Records excerpted from a collection:
——

(* Let $A$ be a two-dimensional evolution algebra over an arbitrary field $\mathbb{K}$ such that $A^2=A$. Then the square $\mathfrak{S}(A)$ is equal to one of $\mathfrak{D}_1,\mathfrak{D}_2,\mathfrak{D}_3,\mathfrak{D}_4,\mathfrak{D}_5$. Moreover, up to isomorphism: (i) if $\mathfrak{S}(A)=\mathfrak{D}_1$ then $A\cong A_1$ (and $A_1$ is the only such algebra); (ii) if $\mathfrak{S}(A)=\mathfrak{D}_2$ then $A\cong A_{2,\alpha}$ for some $\alpha\in\mathbb{K}^\times$, and the isomorphism classes of such algebras correspond bijectively to the elements $\widetilde{\alpha}\in G_3/\!\sim$ via $\widetilde\alpha\mapsto A_{2,\alpha}$; (iii) if $\mathfrak{S}(A)=\mathfrak{D}_3$ then $A\cong A_{3,\alpha}$ for some $\alpha\in\mathbb{K}^\times$, and for each $\alpha\in\mathbb{K}^\times$ there is exactly one such algebra, $A_{3,\alpha}$ (distinct $\alpha$ giving non-isomorphic algebras); (iv) if $\mathfrak{S}(A)=\mathfrak{D}_4$ then $A\cong A_{4,\alpha}$ for some $\alpha\in\mathbb{K}^\times$, and for each $\alpha\in\mathbb{K}^\times$ there is exactly one such algebra, $A_{4,\alpha}$ (distinct $\alpha$ giving non-isomorphic algebras); (v) if $\mathfrak{S}(A)=\mathfrak{D}_5$ then $A\cong A_{5,\alpha,\beta}$ for some $\alpha,\beta\in\mathbb{K}^\times$ with $\alpha\beta\neq1$, and for each such pair $(\alpha,\beta)$ there is exactly one such algebra, $A_{5,\alpha,\beta}$, up to permutation of the components of the pair (i.e. $A_{5,\alpha,\beta}\cong A_{5,\alpha',\beta'}$ iff $(\alpha',\beta')\in\{(\alpha,\beta),(\beta,\alpha)\}$).
   Context: An evolution algebra over a field $\mathbb{K}$ is a $\mathbb{K}$-algebra $A$ with a basis $\{e_i\}$ (a natural basis) such that $e_ie_j=0$ for $i\neq j$. For a two-dimensional evolution algebra with natural basis $B=\{e_1,e_2\}$ write $e_1^2=\omega_{11}e_1+\omega_{21}e_2$, $e_2^2=\omega_{12}e_1+\omega_{22}e_2$. The pseudo-square of $A$ relative to $B$ is the set of ''edges'' $E_B\subseteq\{L,T,R,D\}$ (left, top, right, bottom), where $L\in E_B$ iff $\omega_{11}\neq0$, $T\in E_B$ iff $\omega_{12}\neq0$, $R\in E_B$ iff $\omega_{22}\neq0$, $D\in E_B$ iff $\omega_{21}\neq0$. The square $\mathfrak{S}(A)$ is the set of all pseudo-squares $E_B$ as $B$ ranges over all natural bases of $A$. Define the following sets of pseudo-squares: $\mathfrak{D}_1=\{\{L,R\}\}$, $\mathfrak{D}_2=\{\{T,D\}\}$, $\mathfrak{D}_3=\{\{L,T,R\},\{L,R,D\}\}$, $\mathfrak{D}_4=\{\{L,T,D\},\{T,R,D\}\}$, $\mathfrak{D}_5=\{\{L,T,R,D\}\}$. The algebras (each with natural basis $\{e_1,e_2\}$): $A_1$: $e_1^2=e_1$, $e_2^2=e_2$; $A_{2,\alpha}$: $e_1^2=e_2$, $e_2^2=\alpha e_1$; $A_{3,\alpha}$: $e_1^2=e_1$, $e_2^2=\alpha e_1+e_2$; $A_{4,\alpha}$: $e_1^2=\alpha e_2$, $e_2^2=e_1+e_2$; $A_{5,\alpha,\beta}$: $e_1^2=e_1+\beta e_2$, $e_2^2=\alpha e_1+e_2$ (here $\alpha,\beta\in\mathbb{K}^\times$, and $\alpha\beta\neq1$ for $A_{5,\alpha,\beta}$). $G_3$ denotes the group $\mathbb{K}^\times/(\mathbb{K}^\times)^3$, $\overline\rho$ the class of $\rho\in\mathbb{K}^\times$; $\sim$ is the equivalence relation on $G_3$ with $\overline\alpha\sim\overline\beta$ iff $\overline\alpha=\overline\beta$ or $\overline\alpha=\overline\beta^2$, and $\widetilde\alpha$ denotes the class of $\overline\alpha$ in $G_3/\!\sim$. *)

From HB Require Import structures.
From mathcomp Require Import all_boot all_order all_algebra.
Set Implicit Arguments. Unset Strict Implicit. Unset Printing Implicit Defensive.
Import GRing.Theory.
Local Open Scope ring_scope.

Inductive edge := eL | eT | eR | eD.

Definition edge_code (e : edge) : 'I_4 :=
  match e with eL => inord 0 | eT => inord 1 | eR => inord 2 | eD => inord 3 end.
Definition edge_decode (i : 'I_4) : edge :=
  match val i with 0 => eL | 1 => eT | 2 => eR | _ => eD end.
Lemma edge_codeK : cancel edge_code edge_decode.
Proof. by case; rewrite /edge_decode /= inordK. Qed.

HB.instance Definition _ := Finite.copy edge (can_type edge_codeK).

(* ---------- Two-dimensional evolution algebras ----------
   The algebra is K^2 (row vectors 'rV[K]_2) with natural basis e_1, e_2
   (the standard basis), and structure matrix W with
       e_j^2 = \sum_i W i j e_i,
   i.e. W 0 0 = w11, W 0 1 = w12, W 1 0 = w21, W 1 1 = w22. *)

Definition evmul (K : fieldType) (W : 'M[K]_2) (x y : 'rV[K]_2) : 'rV[K]_2 :=
  \sum_(j < 2) (x 0 j * y 0 j) *: (\row_(i < 2) W i j).

Definition smx (K : fieldType) (w11 w12 w21 w22 : K) : 'M[K]_2 :=
  \matrix_(i < 2, j < 2)
    if (val i == 0%N) then (if val j == 0%N then w11 else w12)
    else (if val j == 0%N then w21 else w22).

——

GOAL OF THE EXERCISE: Write every entry out again. Keep each one exact.

EXERCISE RESULT:
(* Let $A$ be a two-dimensional evolution algebra over an arbitrary field $\mathbb{K}$ such that $A^2=A$. Then the square $\mathfrak{S}(A)$ is equal to one of $\mathfrak{D}_1,\mathfrak{D}_2,\mathfrak{D}_3,\mathfrak{D}_4,\mathfrak{D}_5$. Moreover, up to isomorphism: (i) if $\mathfrak{S}(A)=\mathfrak{D}_1$ then $A\cong A_1$ (and $A_1$ is the only such algebra); (ii) if $\mathfrak{S}(A)=\mathfrak{D}_2$ then $A\cong A_{2,\alpha}$ for some $\alpha\in\mathbb{K}^\times$, and the isomorphism classes of such algebras correspond bijectively to the elements $\widetilde{\alpha}\in G_3/\!\sim$ via $\widetilde\alpha\mapsto A_{2,\alpha}$; (iii) if $\mathfrak{S}(A)=\mathfrak{D}_3$ then $A\cong A_{3,\alpha}$ for some $\alpha\in\mathbb{K}^\times$, and for each $\alpha\in\mathbb{K}^\times$ there is exactly one such algebra, $A_{3,\alpha}$ (distinct $\alpha$ giving non-isomorphic algebras); (iv) if $\mathfrak{S}(A)=\mathfrak{D}_4$ then $A\cong A_{4,\alpha}$ for some $\alpha\in\mathbb{K}^\times$, and for each $\alpha\in\mathbb{K}^\times$ there is exactly one such algebra, $A_{4,\alpha}$ (distinct $\alpha$ giving non-isomorphic algebras); (v) if $\mathfrak{S}(A)=\mathfrak{D}_5$ then $A\cong A_{5,\alpha,\beta}$ for some $\alpha,\beta\in\mathbb{K}^\times$ with $\alpha\beta\neq1$, and for each such pair $(\alpha,\beta)$ there is exactly one such algebra, $A_{5,\alpha,\beta}$, up to permutation of the components of the pair (i.e. $A_{5,\alpha,\beta}\cong A_{5,\alpha',\beta'}$ iff $(\alpha',\beta')\in\{(\alpha,\beta),(\beta,\alpha)\}$).
   Context: An evolution algebra over a field $\mathbb{K}$ is a $\mathbb{K}$-algebra $A$ with a basis $\{e_i\}$ (a natural basis) such that $e_ie_j=0$ for $i\neq j$. For a two-dimensional evolution algebra with natural basis $B=\{e_1,e_2\}$ write $e_1^2=\omega_{11}e_1+\omega_{21}e_2$, $e_2^2=\omega_{12}e_1+\omega_{22}e_2$. The pseudo-square of $A$ relative to $B$ is the set of ''edges'' $E_B\subseteq\{L,T,R,D\}$ (left, top, right, bottom), where $L\in E_B$ iff $\omega_{11}\neq0$, $T\in E_B$ iff $\omega_{12}\neq0$, $R\in E_B$ iff $\omega_{22}\neq0$, $D\in E_B$ iff $\omega_{21}\neq0$. The square $\mathfrak{S}(A)$ is the set of all pseudo-squares $E_B$ as $B$ ranges over all natural bases of $A$. Define the following sets of pseudo-squares: $\mathfrak{D}_1=\{\{L,R\}\}$, $\mathfrak{D}_2=\{\{T,D\}\}$, $\mathfrak{D}_3=\{\{L,T,R\},\{L,R,D\}\}$, $\mathfrak{D}_4=\{\{L,T,D\},\{T,R,D\}\}$, $\mathfrak{D}_5=\{\{L,T,R,D\}\}$. The algebras (each with natural basis $\{e_1,e_2\}$): $A_1$: $e_1^2=e_1$, $e_2^2=e_2$; $A_{2,\alpha}$: $e_1^2=e_2$, $e_2^2=\alpha e_1$; $A_{3,\alpha}$: $e_1^2=e_1$, $e_2^2=\alpha e_1+e_2$; $A_{4,\alpha}$: $e_1^2=\alpha e_2$, $e_2^2=e_1+e_2$; $A_{5,\alpha,\beta}$: $e_1^2=e_1+\beta e_2$, $e_2^2=\alpha e_1+e_2$ (here $\alpha,\beta\in\mathbb{K}^\times$, and $\alpha\beta\neq1$ for $A_{5,\alpha,\beta}$). $G_3$ denotes the group $\mathbb{K}^\times/(\mathbb{K}^\times)^3$, $\overline\rho$ the class of $\rho\in\mathbb{K}^\times$; $\sim$ is the equivalence relation on $G_3$ with $\overline\alpha\sim\overline\beta$ iff $\overline\alpha=\overline\beta$ or $\overline\alpha=\overline\beta^2$, and $\widetilde\alpha$ denotes the class of $\overline\alpha$ in $G_3/\!\sim$. *)

From HB Require Import structures.
From mathcomp Require Import all_boot all_order all_algebra.
Set Implicit Arguments. Unset Strict Implicit. Unset Printing Implicit Defensive.
Import GRing.Theory.
Local Open Scope ring_scope.

Inductive edge := eL | eT | eR | eD.

Definition edge_code (e : edge) : 'I_4 :=
  match e with eL => inord 0 | eT => inord 1 | eR => inord 2 | eD => inord 3 end.
Definition edge_decode (i : 'I_4) : edge :=
  match val i with 0 => eL | 1 => eT | 2 => eR | _ => eD end.
Lemma edge_codeK : cancel edge_code edge_decode.
Proof. by case; rewrite /edge_decode /= inordK. Qed.

HB.instance Definition _ := Finite.copy edge (can_type edge_codeK).

(* ---------- Two-dimensional evolution algebras ----------
   The algebra is K^2 (row vectors 'rV[K]_2) with natural basis e_1, e_2
   (the standard basis), and structure matrix W with
       e_j^2 = \sum_i W i j e_i,
   i.e. W 0 0 = w11, W 0 1 = w12, W 1 0 = w21, W 1 1 = w22. *)

Definition evmul (K : fieldType) (W : 'M[K]_2) (x y : 'rV[K]_2) : 'rV[K]_2 :=
  \sum_(j < 2) (x 0 j * y 0 j) *: (\row_(i < 2) W i j).

Definition smx (K : fieldType) (w11 w12 w21 w22 : K) : 'M[K]_2 :=
  \matrix_(i < 2, j < 2)
    if (val i == 0%N) then (if val j == 0%N then w11 else w12)
    else (if val j == 0%N then w21 else w22).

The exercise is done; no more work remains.